# Space-Saving Double-Duty Tablesaw Workbench



## dmmflys (Nov 2, 2011)

Has anyone built the Space-Saving Double-Duty Tablesaw Workbench from Wood magazine ? I am considering it for my small shop but was wondering how it performed and the pros and cons of the design. Also chime in with any modifications you have or would make if you where to start again from scratch.

http://www.woodmagazine.com/woodworking-plans/customizable-workbench/

http://www.amazon.com/Space-Saving-Double-Duty-Tablesaw-Workbench-Downloadable/dp/B00286QZXU/ref=pd_sim_sbs_b_2

Thanks 
Dave


----------



## Craftsman70 (Jul 31, 2012)

I have not, but would be interested if anyone has. Seems like a great idea.


----------



## mprzybylski (Nov 21, 2011)

I built it for my Ridgid R4512. It's a great design and works wonderfully. The fact that you get to put it on top of the saw when not in use to save space is a great feature.

My additions were laminate on the top with dog holes and a cheap vise on the back side where the handles are (I guess that's the back?). I also extended the saws miter tracks I to the top for when using a sled or miter gauge. Lastly, I can't remember if its in the plans or not but leveling feet are a must if your garage floor is uneven or else this won't line up with your saw more than likely.

When drilling the pipe for the wheel assembly make sure to drill straight and through the center. The first handle I did was slightly off and while I was able to make it work, that side of my wheels the handle goes down a bit further (just looks a bit funny).

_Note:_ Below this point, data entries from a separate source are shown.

(* Let $\bar x=1/x$ and let $Y=Y(t;x)$ be the unique formal power series in $t$ (with coefficients in $\mathbb{Q}[x,\bar x]$) satisfying $$Y=t(1+\bar x)(1+Y)(x+Y).$$ Let $$R(x,Y)=Y(x+1-\bar x^{5}-\bar x^{6})+Y^2(\bar x^{5}-\bar x)+Y^3(\bar x^{3}+\bar x^{6}-\bar x-\bar x^{4})+Y^4(\bar x^{3}-\bar x^{5}).$$ Then the series $E(u,v)$ defined below satisfies $$E(1+x,1+x)=\mathop{\mathrm{PT}}_{x}R(x,Y),$$ where $\mathop{\mathrm{PT}}_x$ extracts the non-negative powers of $x$ in a series of $\mathbb{Q}[x,\bar x][[t]]$.
   Context: $\mathbf{I}_n(\geq,\geq,-)$ is the set of inversion sequences $e=(e_1,\ldots,e_n)$ ($0\leq e_i<i$) with no $i<j<k$ such that $e_i\geq e_j\geq e_k$. An entry $e_i$ is a left-to-right maximum if $e_i>e_j$ for all $j<i$. Let $\alpha(e)=\max_i e_i$ and $\beta(e)$ the largest element of $\{e_i: e_i\text{ not a left-to-right maximum}\}\cup\{-1\}$; the parameters of $e$ are $(p,q)=(\alpha(e)-\beta(e),\,n-\alpha(e))$. Define $E(u,v)=\sum_{n\geq1}\sum_{e\in\mathbf{I}_n(\geq,\geq,-)}u^{p(e)}v^{q(e)}t^n$, where $(p(e),q(e))$ are the parameters of $e$; it is the series solution of $\bigl(1+\frac{tv}{1-u}+\frac{tv}{1-v/u}\bigr)E(u,v)=tuv+\frac{tv}{1-u}E(1,v)+\frac{tv}{1-v/u}E(u,u)$. *)

From HB Require Import structures.
From mathcomp Require Import all_boot all_order all_algebra fraction.
Set Implicit Arguments.
Unset Strict Implicit.
Unset Printing Implicit Defensive.
Import Order.TTheory GRing.Theory Num.Theory.
Local Open Scope ring_scope.

(* Q[x, xbar] is embedded in F = Q(x); series in t are functions nat -> F
   (n |-> coefficient of t^n). *)
Notation F := {fraction {poly rat}}.
Definition toF (p : {poly rat}) : F := FracField.tofrac p.
Definition xF : F := toF 'X.
Definition xbF : F := xF^-1.

Definition series := nat -> F.
Definition sconst (c : F) : series := fun n => if n is 0 then c else 0.
Definition sadd (a b : series) : series := fun n => a n + b n.
Definition sscale (c : F) (a : series) : series := fun n => c * a n.
Definition smul (a b : series) : series :=
  fun n => \sum_(i < n.+1) a i * b (n - i)%N.
Definition stimes_t (a : series) : series :=
  fun n => if n is m.+1 then a m else 0.

Definition Y_eq (Y : series) : Prop :=
  forall n, Y n = stimes_t (sscale (1 + xbF)
                   (smul (sadd (sconst 1) Y) (sadd (sconst xF) Y))) n.

Definition Rser (Y : series) : series :=
  let Y2 := smul Y Y in let Y3 := smul Y2 Y in let Y4 := smul Y3 Y in
  sadd (sadd (sscale (xF + 1 - xbF ^+ 5 - xbF ^+ 6) Y)
             (sscale (xbF ^+ 5 - xbF) Y2))
       (sadd (sscale (xbF ^+ 3 + xbF ^+ 6 - xbF - xbF ^+ 4) Y3)
             (sscale (xbF ^+ 3 - xbF ^+ 5) Y4)).

(* PT_x: p is the non-negative part of f, i.e. f = p + xbar * q(xbar)
   for some polynomial q (f a Laurent polynomial). *)
Definition is_PT (f : F) (p : {poly rat}) : Prop :=
  exists q : {poly rat}, f = toF p + xbF * (map_poly (fun c : rat => toF c%:P) q).[xbF].

(* e = (e_0,...,e_{n-1}) with 0 <= e_i <= i  (i.e. e_{i+1} < i+1 in 1-indexing) *)
Definition is_invseq (n : nat) (e : {ffun 'I_n -> 'I_n}) : bool :=
  [forall i : 'I_n, (e i <= i)%N].

(* avoids the pattern (>=,>=,-): no i<j<k with e_i >= e_j >= e_k *)
Definition avoids_gege (n : nat) (e : {ffun 'I_n -> 'I_n}) : bool :=
  [forall i : 'I_n, forall j : 'I_n, forall k : 'I_n,
     ((i < j)%N && (j < k)%N) ==> ~~ ((e j <= e i)%N && (e k <= e j)%N)].

Definition ltrmax (n : nat) (e : {ffun 'I_n -> 'I_n}) (i : 'I_n) : bool :=
  [forall j : 'I_n, (j < i)%N ==> (e j < e i)%N].

Definition alpha (n : nat) (e : {ffun 'I_n -> 'I_n}) : nat :=
  \max_(i : 'I_n) (e i : nat).
(* beta(e) + 1, where beta(e) = max of non-LTR-max values, or -1 *)
Definition beta1 (n : nat) (e : {ffun 'I_n -> 'I_n}) : nat :=
  \max_(i : 'I_n | ~~ ltrmax e i) (e i).+1.
(* parameters: p = alpha - beta = (alpha+1) - (beta+1) (>= 1), q = n - alpha *)
Definition par_p (n : nat) (e : {ffun 'I_n -> 'I_n}) : nat :=
  ((alpha e).+1 - beta1 e)%N.
Definition par_q (n : nat) (e : {ffun 'I_n -> 'I_n}) : nat :=
  (n - alpha e)%N.

(* [t^n] E(u,v) as a bivariate polynomial: outer variable u, inner v. *)
Definition Ecoef (n : nat) : {poly {poly rat}} :=
  \sum_(e : {ffun 'I_n -> 'I_n} | [&& (0 < n)%N, is_invseq e & avoids_gege e])
     ('X ^+ par_p e * ('X ^+ par_q e)%:P).

(* evaluation P(a, b) of a bivariate polynomial at polynomials a (for u), b (for v) *)
Definition eval2 (P : {poly {poly rat}}) (a b : {poly rat}) : {poly rat} :=
  (map_poly (fun c : {poly rat} => c \Po b) P).[a].

(* Deleting the last entry of a sequence in I_(n+1)(>=,>=,-) leaves a sequence
   e in I_n(>=,>=,-), and the deleted entry k can be any value with
   beta(e) < k <= n.  Summing the two resulting geometric series in k gives the
   functional equation for E, which we use coefficientwise in t.
   Multiplied by (1-u)(u-v), its kernel becomes
   (1-u)(u-v) + tv(u-v) + tuv(1-u), which at u = 1+a, v = (1+a)(1+b) equals
   (1+a)(ab - t(1+a)(1+b)(a+b)).  For every pair (a,b) cancelling the second
   factor we get b E(1,v) + a E(1+a,1+a) = ab(1+a); as v is symmetric in a and b,
   exchanging them eliminates E(1,v):
     a^2 E(1+a,1+a) - b^2 E(1+b,1+b) = ab (a(1+a) - b(1+b)).
   The pairs (x,Y), (Y,xbar Y) and (xbar Y,xbar) all cancel it, and adding the
   three identities gives x^2 E(1+x,1+x) - xbar^2 E(1+xbar,1+xbar) = x^2 R(x,Y).
   Hence R(x,Y) = E(1+x,1+x) - xbar^4 E(1+xbar,1+xbar); the first term is a
   series in t with coefficients in Q[x], the second one has coefficients in
   xbar Q[xbar], which gives the non-negative part of R(x,Y). *)

From mathcomp Require Import all_boot all_order all_algebra fraction.
From mathcomp Require Import ring zify.
Import GRing.Theory.
Set Implicit Arguments.
Unset Strict Implicit.
Unset Printing Implicit Defensive.

Local Open Scope ring_scope.

(** * Inversion sequences by their last entry *)

Lemma negb_ltrmax n (e : {ffun 'I_n -> 'I_n}) j :
  ~~ ltrmax e j = [exists i : 'I_n, (i < j)%N && (e j <= e i)%N].
Proof.
rewrite /ltrmax negb_forall; apply: eq_existsb => i.
by rewrite negb_imply -leqNgt.
Qed.

Lemma beta1_leqP n (e : {ffun 'I_n -> 'I_n}) k :
  reflect (forall i j : 'I_n, (i < j)%N -> (e j <= e i)%N -> (e j < k)%N)
          (beta1 e <= k)%N.
Proof.
apply: (iffP (bigmax_leqP _ _ _)) => h.
- move=> i j lt_ij le_ji; apply: h; rewrite negb_ltrmax.
  by apply/existsP; exists i; rewrite lt_ij.
- by move=> j; rewrite negb_ltrmax => /existsP[i /andP[]]; apply: h.
Qed.

Lemma avoids_gegeP n (e : {ffun 'I_n -> 'I_n}) :
  reflect (forall i j l : 'I_n, (i < j)%N -> (j < l)%N ->
             ~~ ((e j <= e i)%N && (e l <= e j)%N))
          (avoids_gege e).
Proof.
apply: (iffP forallP) => h.
- move=> i j l lt_ij lt_jl.
  by move/forallP/(_ j)/forallP/(_ l): (h i); rewrite lt_ij lt_jl.
- move=> i; apply/forallP => j; apply/forallP => l.
  by apply/implyP => /andP[]; apply: h.
Qed.

Section Snoc.
Variable n : nat.
Implicit Types (e : {ffun 'I_n -> 'I_n}) (k : 'I_n.+1).

Definition snoc e k : {ffun 'I_n.+1 -> 'I_n.+1} :=
  [ffun i => if unlift ord_max i is Some j then lift ord_max (e j) else k].

Lemma snoc_lift e k j : snoc e k (lift ord_max j) = lift ord_max (e j).
Proof. by rewrite ffunE liftK. Qed.

Lemma snoc_max e k : snoc e k ord_max = k.
Proof. by rewrite ffunE unlift_none. Qed.

Lemma invseq_snoc e k : is_invseq (snoc e k) = is_invseq e.
Proof.
apply/forallP/forallP => h i.
- by have := h (lift ord_max i); rewrite snoc_lift !lift_max.
- case: (unliftP ord_max i) => [j ->|->]; first by rewrite snoc_lift !lift_max.
  by rewrite snoc_max /= -ltnS.
Qed.

Lemma ltrmax_snoc_lift e k j : ltrmax (snoc e k) (lift ord_max j) = ltrmax e j.
Proof.
apply/forallP/forallP => h i.
- by have := h (lift ord_max i); rewrite !snoc_lift !lift_max.
- apply/implyP; case: (unliftP ord_max i) => [i' ->|->].
  + by rewrite !snoc_lift !lift_max; apply/implyP.
  + by rewrite lift_max /= ltnNge ltnW.
Qed.

Lemma ltrmax_snoc_max e k : ltrmax (snoc e k) ord_max = [forall j, (e j < k)%N].
Proof.
apply/forallP/forallP => h j.
- by have := h (lift ord_max j); rewrite snoc_lift snoc_max !lift_max /= ltn_ord.
- apply/implyP; case: (unliftP ord_max j) => [j' ->|->]; last by rewrite ltnn.
  by rewrite snoc_lift snoc_max !lift_max => _; apply: h.
Qed.

Lemma alpha_ltE e m : (0 < n)%N -> (alpha e < m)%N = [forall j, (e j < m)%N].
Proof.
move=> n_gt0; apply/idP/forallP => [lt_am j|h].
- by apply: leq_ltn_trans lt_am; apply: leq_bigmax.
- (* [bigop.eq_bigmax] is the [nat] version, shadowed by the one of [order] *)
  by have [j ->] : {j | alpha e = e j} by apply: bigop.eq_bigmax; rewrite card_ord.
Qed.

Lemma widen_lift_max (i : 'I_n) : widen_ord (leqnSn n) i = lift ord_max i.
Proof. by apply: ord_inj; rewrite lift_max. Qed.

Lemma alpha_snoc e k : alpha (snoc e k) = maxn (alpha e) k.
Proof.
rewrite /alpha big_ord_recr /= snoc_max; congr maxn.
by apply: eq_bigr => i _; rewrite widen_lift_max snoc_lift lift_max.
Qed.

Lemma beta1_snoc e k : (0 < n)%N ->
  beta1 (snoc e k) = maxn (beta1 e) (if (alpha e < k)%N then 0 else k.+1).
Proof.
move=> n_gt0; rewrite /beta1 big_mkcond big_ord_recr /= -big_mkcond.
rewrite ltrmax_snoc_max -alpha_ltE // snoc_max if_neg; congr maxn.
by apply: eq_big => [i|i _]; rewrite widen_lift_max ?ltrmax_snoc_lift ?snoc_lift ?lift_max.
Qed.

Lemma avoids_snoc e k : avoids_gege (snoc e k) = avoids_gege e && (beta1 e <= k)%N.
Proof.
apply/avoids_gegeP/andP => [h|[/avoids_gegeP avoid_e /beta1_leqP beta1_k]].
- split.
  + apply/avoids_gegeP => i j l lt_ij lt_jl.
    by have := h (lift ord_max i) (lift ord_max j) (lift ord_max l);
      rewrite !snoc_lift !lift_max; apply.
  + apply/beta1_leqP => i j lt_ij le_ji; rewrite ltnNge; apply/negP => le_kj.
    have := h (lift ord_max i) (lift ord_max j) ord_max.
    by rewrite !snoc_lift snoc_max !lift_max /= ltn_ord le_ji le_kj => /(_ lt_ij isT).
- move=> i j l lt_ij lt_jl.
  case: (unliftP ord_max j) lt_ij lt_jl => [j' ->|->]; last first.
    by move=> _; rewrite ltnNge -ltnS ltn_ord.
  case: (unliftP ord_max i) => [i' ->|->]; last by rewrite lift_max ltnNge ltnW.
  case: (unliftP ord_max l) => [l' ->|->] lt_ij lt_jl.
  + by rewrite !snoc_lift !lift_max in lt_ij lt_jl *; apply: avoid_e.
  + rewrite !snoc_lift snoc_max !lift_max in lt_ij *.
    by apply/negP => /andP[le_ji le_kj]; have := beta1_k _ _ lt_ij le_ji; rewrite ltnNge le_kj.
Qed.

Had I to do it over again I'd find a better way to lock the handles when they wheels are down. Oftentimes if I roll over a bump in my garage floor the table comes crashing down since the wheels get moved slightly and the handle comes out of the hole that's supposed to hold it.


----------



## dmmflys (Nov 2, 2011)

Thanks for the tips. Because I have a small 2 car garage shop that's got to function as both a garbage and a shop. I'm going to have to add this one to my list


----------



## BrianPothier (Mar 17, 2020)

Matt,

How did you connect the pipe to the other leg assembly opposite the levers?

Just stop the pipe short of protruding or all the way through and another bolt?


----------